The boat sputters and chokes as it wrestles its way through an impossibly thick carpet of water hyacinth. It’s a miracle we make it down the knee-deep irrigation channel at all. Here, wedged into a mudbank with river grass tickling at our shoulders, is where our skipper says we need to be if we’re to get a good look at the approaching elephant duo.

Their mud-caked leathery forms emerge silently from behind a grove of ficus saplings. My eyes prickle as I fight to hold back the tears. They’re magnificent, such colossal creatures moving with impossible grace. Mum and calf make their way slowly around the edge of the plantation, giving us a good minute or two in their presence.
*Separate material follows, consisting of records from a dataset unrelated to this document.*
Lemma cond_antecedent_equiv {G A B C} :
  closed G -> G (Cond A B) -> G (Cond B A) -> G (Cond A C) -> G (Cond B C).
Proof.
  intros hG hab hba hac.
  assert (hABC : G (Cond (And A B) C)).
  { apply (closed_mp1 hG (thm_cm A B C)), closed_and; assumption. }
  assert (hBAC : G (Cond (And B A) C)).
  { refine (closed_mp1 hG (thm_mp (thm_andl _ _) (thm_congl C _)) hABC).
    apply thm_iff_intro; apply thm_and_comm. }
  apply (closed_mp1 hG (thm_cut B A C)), closed_and; assumption.
Qed.

Record ptheory : Type := {
  pt :> form -> Prop;
  pt_closed : closed pt;
  pt_consistent : ~ pt Bot;
  pt_prime : forall a b, pt (Or a b) -> pt a \/ pt b
}.

Lemma ptheory_and (G : ptheory) a b : G (And a b) <-> G a /\ G b.
Proof.
  split.
  - intros h. split; [exact (closed_mp1 (pt_closed G) (thm_andl a b) h)
                     |exact (closed_mp1 (pt_closed G) (thm_andr a b) h)].
  - intros [ha hb]. exact (closed_and (pt_closed G) ha hb).
Qed.

Lemma ptheory_or (G : ptheory) a b : G (Or a b) <-> G a \/ G b.
Proof.
  split; [apply pt_prime|].
  intros [ha|hb]; [exact (closed_mp1 (pt_closed G) (thm_orl a b) ha)
                  |exact (closed_mp1 (pt_closed G) (thm_orr a b) hb)].
Qed.

Fixpoint depth (f : form) : nat :=
  match f with
  | Var _ | Bot => 1
  | And a b | Or a b | Imp a b | Cond a b => S (Nat.max (depth a) (depth b))
  end.

Fixpoint encode (f : form) : nat :=
  match f with
  | Var n => Cantor.to_nat (0, n)
  | Bot => Cantor.to_nat (1, 0)
  | And a b => Cantor.to_nat (2, Cantor.to_nat (encode a, encode b))
  | Or a b => Cantor.to_nat (3, Cantor.to_nat (encode a, encode b))
  | Imp a b => Cantor.to_nat (4, Cantor.to_nat (encode a, encode b))
  | Cond a b => Cantor.to_nat (5, Cantor.to_nat (encode a, encode b))
  end.

Fixpoint decode (k n : nat) : form :=
  match k with
  | 0 => Bot
  | S k =>
    let '(t, m) := Cantor.of_nat n in
    let '(a, b) := Cantor.of_nat m in
    match t with
    | 0 => Var m
    | 1 => Bot
    | 2 => And (decode k a) (decode k b)
    | 3 => Or (decode k a) (decode k b)
    | 4 => Imp (decode k a) (decode k b)
    | _ => Cond (decode k a) (decode k b)
    end
  end.

Lemma decode_encode f k : depth f <= k -> decode k (encode f) = f.
Proof.
  revert k; induction f; intros k hk; destruct k as [|k]; simpl in hk; try lia;
    cbn [decode encode]; rewrite !Cantor.cancel_of_to; cbv beta iota;
    try (rewrite IHf1, IHf2 by lia; reflexivity).
  - destruct (Cantor.of_nat n); reflexivity.
  - reflexivity.
Qed.

Definition form_of_nat (m : nat) : form :=
  let '(k, n) := Cantor.of_nat m in decode k n.

Lemma form_of_nat_surj f : exists m, form_of_nat m = f.
Proof.
  exists (Cantor.to_nat (depth f, encode f)). unfold form_of_nat.
  rewrite Cantor.cancel_of_to. apply decode_encode. reflexivity.
Qed.

Section Lindenbaum.
Variables (G : form -> Prop) (psi : form).
Hypothesis G_underivable : ~ deriv G psi.

Fixpoint stage (n : nat) : form -> Prop :=
  match n with
  | 0 => G
  | S n => fun x => stage n x \/
             (x = form_of_nat n /\ ~ deriv (extend (stage n) (form_of_nat n)) psi)
  end.

Definition limit : form -> Prop := fun x => exists n, stage n x.

Lemma stage_mono n m : n <= m -> forall x, stage n x -> stage m x.
Proof. induction 1; simpl; auto. Qed.

Lemma deriv_limit_stage f : deriv limit f -> exists n, deriv (stage n) f.
Proof.
  induction 1 as [f hf|f [n hn]|a b _ [n1 h1] _ [n2 h2]].
  - exists 0. apply deriv_thm, hf.
  - exists n. apply deriv_hyp, hn.
  - exists (Nat.max n1 n2). eapply deriv_mp.
    + eapply deriv_mono; [|exact h1]. apply stage_mono; lia.
    + eapply deriv_mono; [|exact h2]. apply stage_mono; lia.
Qed.

Lemma stage_underivable n : ~ deriv (stage n) psi.
Proof.
  induction n as [|n IHn]; [exact G_underivable|]. simpl.
  destruct (classic (deriv (extend (stage n) (form_of_nat n)) psi)) as [h|h];
    intros hn; [apply IHn|apply h]; refine (deriv_mono _ _ hn); unfold extend; tauto.
Qed.

Lemma limit_underivable : ~ deriv limit psi.
Proof. intros h. destruct (deriv_limit_stage h) as [n hn]. exact (stage_underivable n hn). Qed.

Lemma limit_maximal f : ~ limit f -> deriv (extend limit f) psi.
Proof.
  intros hf. destruct (form_of_nat_surj f) as [n <-].
  apply NNPP; intros hn. apply hf. exists (S n). right. split; [reflexivity|].
  intros h. apply hn. refine (deriv_mono _ _ h).
  intros x [hx|hx]; [left; exists n; exact hx|right; exact hx].
Qed.

Lemma limit_closed : closed limit.
Proof.
  intros f h. apply NNPP; intros hf. apply limit_underivable.
  exact (deriv_mp (deduction (limit_maximal hf)) h).
Qed.

Lemma limit_consistent : ~ limit Bot.
Proof. intros h. apply limit_underivable, (deriv_mp1 (thm_efq psi)), deriv_hyp, h. Qed.

Lemma limit_prime a b : limit (Or a b) -> limit a \/ limit b.
Proof.
  intros h. apply NNPP; intros hab. apply limit_underivable.
  refine (deriv_mp (deriv_mp2 (thm_orE a b psi) _ _) (deriv_hyp _ _ h));
    apply deduction, limit_maximal; tauto.
Qed.

End Lindenbaum.

Lemma lindenbaum G psi :
  ~ deriv G psi -> exists D : ptheory, (forall x, G x -> D x) /\ ~ D psi.
Proof.
  intros h. exists (Build_ptheory (limit_closed h) (limit_consistent h) (limit_prime h)).
  split; simpl.
  - intros x hx. exists 0. exact hx.
  - intros hpsi. apply (limit_underivable h), deriv_hyp, hpsi.
Qed.

Definition pt_sub (G D : ptheory) : Prop := forall x, G x -> D x.

Lemma pt_sub_refl G : pt_sub G G.
Proof. intros x hx; exact hx. Qed.

Lemma pt_sub_trans G H K : pt_sub G H -> pt_sub H K -> pt_sub G K.
Proof. intros hGH hHK x hx. exact (hHK x (hGH x hx)). Qed.

Definition section_sub (phi : form) (G D : ptheory) : Prop :=
  forall x, G (Cond phi x) -> D x.

Definition witness (a : ptheory -> Prop) (G : ptheory) (phi : form) : Prop :=
  (forall D, section_sub phi G D -> a D) /\ (forall D, a D -> D phi).

Definition canR (a : ptheory -> Prop) (G D : ptheory) : Prop :=
  (exists phi, witness a G phi /\ section_sub phi G D) \/
  ((~ exists phi, witness a G phi) /\ a D).

Lemma ptheory_imp (G : ptheory) a b :
  (forall D : ptheory, pt_sub G D -> D a -> D b) <-> G (Imp a b).
Proof.
  split.
  - intros h. apply NNPP; intros hab.
    destruct (@lindenbaum (extend G a) b) as [D [hGD hb]].
    { intros hd. apply hab, pt_closed, deduction, hd. }
    apply hb, h; [intros x hx; apply hGD; left; exact hx|apply hGD; right; reflexivity].
  - intros hab D hGD ha.
    exact (pt_closed D (deriv_mp (deriv_hyp D _ (hGD _ hab)) (deriv_hyp D a ha))).
Qed.

Lemma ptheory_cond (G : ptheory) phi chi :
  (forall D : ptheory, section_sub phi G D -> D chi) <-> G (Cond phi chi).
Proof.
  split.
  - intros h. apply NNPP; intros hchi.
    destruct (@lindenbaum (cond_section G phi) chi) as [D [hGD hD]].
    { intros hd. exact (hchi (cond_section_closed (phi := phi) (pt_closed G) hd)). }
    exact (hD (h D hGD)).
  - intros hchi D hD. exact (hD chi hchi).
Qed.

Lemma witness_section_sub a G phi psi :
  witness a G phi -> witness a G psi -> forall D, section_sub psi G D -> section_sub phi G D.
Proof.
  intros [hphi_a ha_phi] [hpsi_a ha_psi] D hD x hx.
  assert (hphi_psi : G (Cond phi psi)) by (apply ptheory_cond; auto).
  assert (hpsi_phi : G (Cond psi phi)) by (apply ptheory_cond; auto).
  exact (hD x (cond_antecedent_equiv (pt_closed G) hphi_psi hpsi_phi hx)).
Qed.

Lemma canR_witness a G phi :
  witness a G phi -> forall D, canR a G D <-> section_sub phi G D.
Proof.
  intros hw D. split.
  - intros [[psi [hpsi hD]]|[hn _]].
    + exact (witness_section_sub hw hpsi hD).
    + exfalso. apply hn. exists phi. exact hw.
  - intros hD. left. exists phi. split; assumption.
Qed.

Lemma canR_sub a G D : canR a G D -> a D.
Proof. intros [[phi [[hphi _] hD]]|[_ hD]]; auto. Qed.

Lemma witness_pt_sub a G G' phi : pt_sub G G' -> witness a G phi -> witness a G' phi.
Proof.
  intros hGG' [hphi_a ha_phi]. split; [|exact ha_phi].
  intros D hD. apply hphi_a. intros x hx. apply hD, hGG', hx.
Qed.

Lemma canR_coh a (x x' y' : ptheory) :
  pt_sub x x' -> canR a x' y' -> exists y, canR a x y /\ pt_sub y y'.
Proof.
  intros hxx' hy'. exists y'. split; [|apply pt_sub_refl].
  destruct (classic (exists phi, witness a x phi)) as [[phi hw]|hn].
  - apply (canR_witness hw). intros z hz.
    apply (proj1 (canR_witness (witness_pt_sub hxx' hw) y') hy'), hxx', hz.
  - right. split; [exact hn|exact (canR_sub hy')].
Qed.

Lemma canR_cautious {a b G} :
  (forall D, canR a G D -> b D) -> (forall D, b D -> a D) ->
  forall D, canR a G D <-> canR b G D.
Proof.
  intros hab hba.
  destruct (classic (exists phi, witness a G phi)) as [[phi hw]|hn].
  - assert (hwb : witness b G phi).
    { split.
      - intros D hD. apply hab, (canR_witness hw), hD.
      - intros D hD. apply (proj2 hw), hba, hD. }
    intros D. rewrite (canR_witness hw), (canR_witness hwb). reflexivity.
  - assert (hnb : ~ exists phi, witness b G phi).
    { intros [phi [hphi_b hb_phi]]. apply hn. exists phi. split.
      - intros D hD. apply hba, hphi_b, hD.
      - intros D hD. apply hb_phi, hab. right. split; assumption. }
    intros D. split.
    + intros hD. right. split; [exact hnb|exact (hab D hD)].
    + intros hD. right. split; [exact hn|exact (hba D (canR_sub hD))].
Qed.

Lemma canR_reflexive {a} {G : ptheory} : a G -> canR a G G.
Proof.
  intros hG.
  destruct (classic (exists phi, witness a G phi)) as [[phi hw]|hn].
  - apply (canR_witness hw). intros x hx.
    exact (closed_mp1 (pt_closed G) (thm_cond_mp phi x)
             (closed_and (pt_closed G) (proj2 hw G hG) hx)).
  - right. split; assumption.
Qed.

Definition canonical_frame (h : inhabited ptheory) : cframe :=
  {| world := ptheory; wle := pt_sub; wR := canR; world_nonempty := h;
     wle_refl := pt_sub_refl; wle_trans := pt_sub_trans;
     wR_coh := fun a _ => @canR_coh a |}.

Section CanonicalModel.
Variable h : inhabited ptheory.

Definition canonical_val : valuation (canonical_frame h) := fun n G => G (Var n).

Lemma canonical_val_persistent : persistent_val canonical_val.
Proof. intros n G D hGD hG. exact (hGD _ hG). Qed.

Lemma truth_lemma f : forall G : ptheory, sat canonical_val G f <-> G f.
Proof.
  induction f as [n| |a IHa b IHb|a IHa b IHb|a IHa b IHb|a IHa b IHb];
    intros G; simpl.
  - reflexivity.
  - split; [contradiction|apply pt_consistent].
  - rewrite IHa, IHb. symmetry. apply ptheory_and.
  - rewrite IHa, IHb. symmetry. apply ptheory_or.
  - setoid_rewrite IHa. setoid_rewrite IHb. apply ptheory_imp.
  - assert (hw : witness (fun D => sat canonical_val D a) G a).
    { split; intros D hD; apply IHa; [|exact hD].
      apply hD, (pt_closed G), deriv_thm, thm_cond_refl. }
    setoid_rewrite (canR_witness hw). setoid_rewrite IHb. apply ptheory_cond.
Qed.

Lemma canonical_cautious : cautious (canonical_frame h).
Proof.
  split.
  - intros a G _ D hD. exact (canR_sub hD).
  - intros a b G _ _ hab hba D. simpl.
    split; intros [E [hE hED]]; exists E; split; try exact hED;
      apply (canR_cautious hab hba E), hE.
Qed.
And then, just like that, they’re gone, off to sup on sweet palm tree hearts. It’s not every day that nomadic elephants are seen on the Kinabatangan, so luck is clearly on our side. I add them to my tally of animal sightings so far – two elephants, a pack of proboscis monkeys, a handful of crocodiles, and three rhinoceros hornbills.

tourists on a boat mesmerized by the sight of Pygmy Elephants
Elephants are a rare and breathtaking sight. (Image: Sukau Rainforest Lodge)

Orangutan

By all accounts, we’ve had a wildly successful morning of wildlife spotting. But Borneo’s poster child, the orangutan, still eludes me. The last stop Between 800 and 1000 of the endemic primates are said to reside in the Lower-Kinabatangan Wildlife Sanctuary.

Compared to the pack-dwelling proboscis and macaques, solitary orangutans are much more difficult to find. A quick stop at the Sepilok Orangutan Rehabilitation Centre meant we wouldn’t leave Borneo without a lasting visual of them.

a young, wild orangutan resting on a tree branch
A young, wild orangutan sits among trees.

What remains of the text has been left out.